No sound came from the dark interior though a chaffinch in a treetop trilled, dipped his wings and flew off. She saw a three-legged stool on a hearthstone, bent her back and crawled forward. There was no entrance tunnel: you were either out or in, and she was within. Her eyes grew used to the dimness. She saw a bedplace made of cut bracken, a blanket of the tri-coloured cloth lying across it, and a small chest for clothes and possessions. There was also the stool, very low like the ones at home. She sat down on it to look about her. Curious – it almost seemed as if the place was growing lighter – and bigger. A rustle in the hearth made her jump. The sticks had fallen together and a small flame leapt up. Soon the fire was burning brightly and the kettle began to sing, while her wet clothes steamed faster than the kettle and in a moment were bone dry.

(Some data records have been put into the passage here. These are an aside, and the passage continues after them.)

Definition FH_pt x (Hx : H x) (x0 : 0 < x) : FH0 H (obj_itv 0 (x + 1)) :=
  exist _ x (conj (itv_pos_mem x0) (conj Hx x0)).

Lemma flat_FH : flat (FH hH).
Proof.
split.
  have [h [Hh h0]] := rank_one_R_pos hH.
  by exists (obj_itv 0 (h + 1)); constructor; exact: FH_pt Hh h0.
split.
  move=> U V [x [Ux [Hx x0]]] [y [Vy [Hy y0]]].
  have [z [n [m [[Hz z0] n0 m0 xE yE]]]] := rank_one_R_common_divisor hH Hx Hy x0 y0.
  have Wz : obj_cap (obj_div U n0) (obj_div V m0) z by split; rewrite /= -?xE -?yE.
  exists _, (exist _ z (conj Wz (conj Hz z0))), n, m.
  exists (hom_cap_divl U V n0 m0), (hom_cap_divr U V n0 m0).
  by split; apply: sig_eqP.
move=> U V n m p q x /(congr1 sval) /= /(mulrIn (lt0r_neq0 (proj2 (proj2 (svalP x))))) nm.
by exists U, x, 1%N, (hom_id U); split; [exact: FH1_id | right; rewrite nm].
Qed.

Lemma continuous_FH : continuous (FH hH).
Proof.
move=> U I Ui sub cover [y [Uy Hy_pos]]; have [i Uiy] := cover _ Uy.
by exists i, (exist _ y (conj Uiy Hy_pos)); apply: sig_eqP; rewrite /= mulr1n.
Qed.

End PointP.

Section PointQ.
Variable G : r1og.

Definition FQ_pt (U : obj) (U0 : U 0) h (h0 : og_pos h) : FQ0 G U := exist _ h (conj h0 U0).

Lemma FQ_F1_val n U V (p : hom n U V) (x : FQ0 G U) :
  sval (@F1 (FQ G) _ _ _ p x) = sval x *+ n.
Proof. by []. Qed.

Lemma flat_FQ : flat (FQ G).
Proof.
split.
  have [h h0] := og_pos_exists G; exists (obj_itv (-1) 1); constructor.
  by apply: (FQ_pt _ h0); exact: itv_mem0.
split.
  move=> U V [x [x0 U0]] [y [y0 V0]].
  have [z [n [m [z0 n0 m0 xE yE]]]] := og_pos_common_divisor x0 y0.
  have W0 : obj_cap (obj_div U n0) (obj_div V m0) 0 by split; rewrite /= mul0rn.
  exists _, (FQ_pt W0 z0), n, m, (hom_cap_divl U V n0 m0), (hom_cap_divr U V n0 m0).
  by split; apply: sig_eqP.
move=> U V n m p q x /(congr1 (fun y => og_val (sval y))) /=.
have x0 : og_val (sval x) != 0 by apply: lt0r_neq0; apply/og_posE; case: (svalP x).
rewrite !raddfMn /= => /(mulrIn x0) nm.
by exists U, x, 1%N, (hom_id U); split; [exact: FQ1_id | right; rewrite nm].
Qed.

Lemma continuous_FQ : continuous (FQ G).
Proof.
move=> U I Ui sub cover [y [y0 U0]]; have [i Ui0] := cover _ U0.
by exists i, (FQ_pt Ui0 y0); apply: sig_eqP; rewrite /= mulr1n.
Qed.

End PointQ.

(** * Isomorphisms between the points p_H and q_H *)

Section PointPIso.
Variables (H H' : R -> Prop) (hH : rank_one_R H) (hH' : rank_one_R H').

Lemma FH_natural_val (a : forall U, F0 (FH hH) U -> F0 (FH hH') U) :
  natural a -> forall U x, sval (a U x) = sval x.
Proof.
(* Naturality along U /\ (x - d, x + d) -> U puts a x at distance < d from x. *)
move=> a_nat U x; have [//|yx] := eqVneq (sval (a U x)) (sval x).
have [Ux [Hx x0]] := svalP x; set y := sval (a U x) in yx *.
pose d := `|y - sval x|; have d0 : 0 < d by rewrite normr_gt0 subr_eq0.
have Vx : obj_cap U (obj_itv (sval x - d) (sval x + d)) (sval x).
  by split => //; rewrite /= /itv; lra.
pose xV : FH0 H _ := exist _ (sval x) (conj Vx (conj Hx x0)).
have xVx : @F1 (FH hH) _ _ _ (hom_capl U _) xV = x by apply: sig_eqP; rewrite /= mulr1n.
have := a_nat _ _ _ (hom_capl U _) xV; rewrite xVx => /(congr1 sval) /=.
rewrite mulr1n -/y => yE; have [[_ yV] _] := svalP (a _ xV); rewrite -yE in yV.
case: yV => _ [yl yr].
by have := ltxx d; rewrite {1}/d ltr_distl yl yr.
Qed.

Lemma FH_iso_eq : iso_functor (FH hH) (FH hH') -> forall x, H x <-> H' x.
Proof.
move=> [a [b [baK [abK a_nat]]]]; have a_val := FH_natural_val a_nat.
have sH := rank_one_R_subgroup hH; have sH' := rank_one_R_subgroup hH'.
split; apply: subgroup_sub_of_pos => // {}x x0 Hx.
  have /= <- := a_val _ (FH_pt Hx x0).
  by case: (svalP (a _ (FH_pt Hx x0))) => _ [].
rewrite -[x]/(sval (FH_pt Hx x0)) -(abK _ (FH_pt Hx x0)) a_val.
by case: (svalP (b _ (FH_pt Hx x0))) => _ [].
Qed.

Lemma FH_iso_of_eq : (forall x, H x <-> H' x) -> iso_functor (FH hH) (FH hH').
Proof.
move=> HE; have a_ok U (x : FH0 H U) : U (sval x) /\ H' (sval x) /\ 0 < sval x.
  by case: (svalP x) => Ux [/HE Hx x0].
apply: (@iso_functor_of_bij (FH hH) (FH hH') (fun U x => exist _ (sval x) (a_ok U x))).
- by move=> n U V p x; apply: sig_eqP.
- by move=> U x y xy; apply: sig_eqP; exact: (congr1 sval xy).
- move=> U [y [Uy [H'y y0]]]; exists (exist _ y (conj Uy (conj ((HE y).2 H'y) y0))).
  exact: sig_eqP.
Qed.

Lemma FH_iso_iff : iso_functor (FH hH) (FH hH') <-> (forall x, H x <-> H' x).
Proof. by split; [exact: FH_iso_eq | exact: FH_iso_of_eq]. Qed.

End PointPIso.

Lemma FH_FQ_not_iso (H : R -> Prop) (hH : rank_one_R H) (G : r1og) :
  ~ iso_functor (FH hH) (FQ G).
Proof.
move=> [a _]; have [h [Hh h0]] := rank_one_R_pos hH.
by case: (svalP (a _ (FH_pt Hh h0))) => _ [_ []]; rewrite ltxx.
Qed.

Section ConeExtension.
Variables (G G' : r1og) (al : og_car G -> og_car G').
Hypothesis al_pos : forall h, og_pos h -> og_pos (al h).
Hypothesis alD : forall h h', og_pos h -> og_pos h' -> al (h + h') = al h + al h'.
Hypothesis al_inj : forall h h', og_pos h -> og_pos h' -> al h = al h' -> h = h'.
Hypothesis al_onto : forall h', og_pos h' -> exists h, og_pos h /\ al h = h'.

Lemma al_diff_eq p q p' q' : og_pos p -> og_pos q -> og_pos p' -> og_pos q' ->
  p - q = p' - q' -> al p - al q = al p' - al q'.
Proof.
move=> p0 q0 p'0 q'0 /eqP; rewrite subr_eq addrAC eq_sym subr_eq => /eqP e.
by apply/eqP; rewrite subr_eq addrAC eq_sym subr_eq -!alD ?e //; exact: og_pos_add.
Qed.

(* Independent of the chosen decomposition g = p - q, by [al_diff_eq]. *)
Definition cone_ext (g : og_car G) : og_car G' :=
  let pq := proj1_sig (constructive_indefinite_description _ (og_decomp g)) in
  al pq.1 - al pq.2.

Lemma cone_extE p q : og_pos p -> og_pos q -> cone_ext (p - q) = al p - al q.
Proof.
move=> p0 q0; rewrite /cone_ext.
by case: constructive_indefinite_description => -[p' q'] /= [p'0 q'0 e]; exact: al_diff_eq.
Qed.

Lemma cone_extD : {morph cone_ext : x y / x + y}.
Proof.
move=> x y.
have [[p1 q1] [/= p10 q10 ->]] := og_decomp x; have [[p2 q2] [/= p20 q20 ->]] := og_decomp y.
rewrite addrACA -opprD !cone_extE //; try exact: og_pos_add.
by rewrite !alD // opprD [RHS]addrACA.
Qed.

Lemma cone_ext_is_zmod_morphism : zmod_morphism cone_ext.
Proof.
have ext0 : cone_ext 0 = 0 by apply: (addrI (cone_ext 0)); rewrite -cone_extD !addr0.
move=> x y; rewrite cone_extD; congr (_ + _).
by apply: (addrI (cone_ext y)); rewrite -cone_extD !subrr.
Qed.

HB.instance Definition _ :=
  GRing.isZmodMorphism.Build _ _ cone_ext cone_ext_is_zmod_morphism.

Lemma cone_ext_pos h : og_pos h -> cone_ext h = al h.
Proof.
have [e e0] := og_pos_exists G.
move=> h0; rewrite -{1}(addrK e h) cone_extE ?alD ?addrK //; exact: og_pos_add.
Qed.

Lemma cone_ext_posE g : og_pos (cone_ext g) <-> og_pos g.
Proof.
split=> [/og_posE ext0|g0]; last by rewrite cone_ext_pos //; exact: al_pos.
apply/og_posE; case: (ltrgtP (og_val g) 0) => // [g0|g0].
  have ng : og_pos (- g) by apply/og_posE; rewrite raddfN /= oppr_gt0.
  have /og_posE := al_pos ng; rewrite -cone_ext_pos // raddfN /= raddfN /= oppr_gt0.
  by move=> /(lt_trans ext0); rewrite ltxx.
have g_0 : g = 0 by apply: og_val_inj; rewrite g0 raddf0.
by move: ext0; rewrite g_0 !raddf0 ltxx.
Qed.

Lemma cone_ext_inj : injective cone_ext.
Proof.
move=> x y exy; apply/eqP; rewrite -subr_eq0; apply/eqP.
have [[p q] [/= p0 q0 e]] := og_decomp (x - y).
have := raddfB cone_ext x y; rewrite /= exy subrr e cone_extE // => /eqP.
by rewrite subr_eq0 => /eqP /al_inj -> //; rewrite subrr.
Qed.

Lemma og_iso_of_cone : og_iso G G'.
Proof.
exists cone_ext; split; first exact: cone_extD.
split; first exact: cone_ext_inj.
split.
  move=> y; have [[p' q'] [/= p0 q0 ->]] := og_decomp y.
  have [p [p_pos <-]] := al_onto p0; have [q [q_pos <-]] := al_onto q0.
  by exists (p - q); rewrite cone_extE.
move=> x y; rewrite !og_le_pos -raddfB /= cone_ext_posE.
by split=> [[->|]|[/cone_ext_inj ->|]]; [left | right | left | right].
Qed.

End ConeExtension.

Section PointQIso.
Variables G G' : r1og.

Lemma FQ_natural_val (a : forall U, F0 (FQ G) U -> F0 (FQ G') U) :
  natural a -> forall U U' (x : FQ0 G U) (x' : FQ0 G U'),
  sval x = sval x' -> sval (a U x) = sval (a U' x').
Proof.
move=> a_nat U U' x x' xx'; have [h0 U0] := svalP x; have [_ U'0] := svalP x'.
pose xW := FQ_pt (U := obj_cap U U') (conj U0 U'0) h0.
have -> : x = @F1 (FQ G) _ _ _ (hom_capl U U') xW by apply: sig_eqP; rewrite /= mulr1n.
have -> : x' = @F1 (FQ G) _ _ _ (hom_capr U U') xW by apply: sig_eqP; rewrite /= mulr1n.
by rewrite !a_nat /= !mulr1n.
Qed.

Lemma FQ_iso_of_og_iso : og_iso G G' -> iso_functor (FQ G) (FQ G').
Proof.
move=> [phi [phiD [phi_inj [phi_onto phi_le]]]].
have phi0 : phi 0 = 0 by apply: (addrI (phi 0)); rewrite -phiD !addr0.
have phi_pos h : og_pos (phi h) <-> og_pos h.
  rewrite /og_pos -phi0 -phi_le; split=> -[h_ge0 h0]; split=> // e; apply: h0.
    by rewrite e.
  by apply: phi_inj; rewrite e.
have a_ok U (x : FQ0 G U) : og_pos (phi (sval x)) /\ U 0.
  by case: (svalP x) => /phi_pos.
apply: (@iso_functor_of_bij (FQ G) (FQ G') (fun U x => exist _ (phi (sval x)) (a_ok U x))).
- by move=> n U V p x; apply: sig_eqP; rewrite /= (morph_addMn phiD).
- by move=> U x y xy; apply: sig_eqP; apply: phi_inj; exact: (congr1 sval xy).
- move=> U [y [y0 U0]]; have [x xy] := phi_onto y.
  have x0 : og_pos x by apply/phi_pos; rewrite xy.
  by exists (FQ_pt U0 x0); apply: sig_eqP.
Qed.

In the far wall was an archway tall enough for her to walk through and there, beyond it, was a high and airy bedroom equipped with every luxury from cushion-littered bed to silk carpets and cut-glass bottles of lotions and perfume. She pulled the stopper from one and put a dab of golden liquid on her wrists. It smelled of waxy cactus-blooms and far-off, spicy desert sands. She saw them as she breathed it in, enchanted. Beyond the bedroom was a transparent, six-sided tent with an empty bath sunk in the floor. She touched the walls and marvelled at their hardness; knelt to examine the pictures of deer and huntsmen with which the bath was lined. Water began to flow from the mouth of a stone snake coiled on the bath’s rim: Gry backed away and bumped into the glass wall. Outside was a garden in which herbs and sunflowers grew against a picket fence and bees made constant journeys to and fro between a row of wallflowers and a straw bee-skep. But there was no door into the garden and neither grassy glade nor forest trees beyond the fence. The view was wide and inspiring: of a flower-starred meadow amongst high mountains capped with snow and divided, one stone face from another, by shiny ribbons of falling water.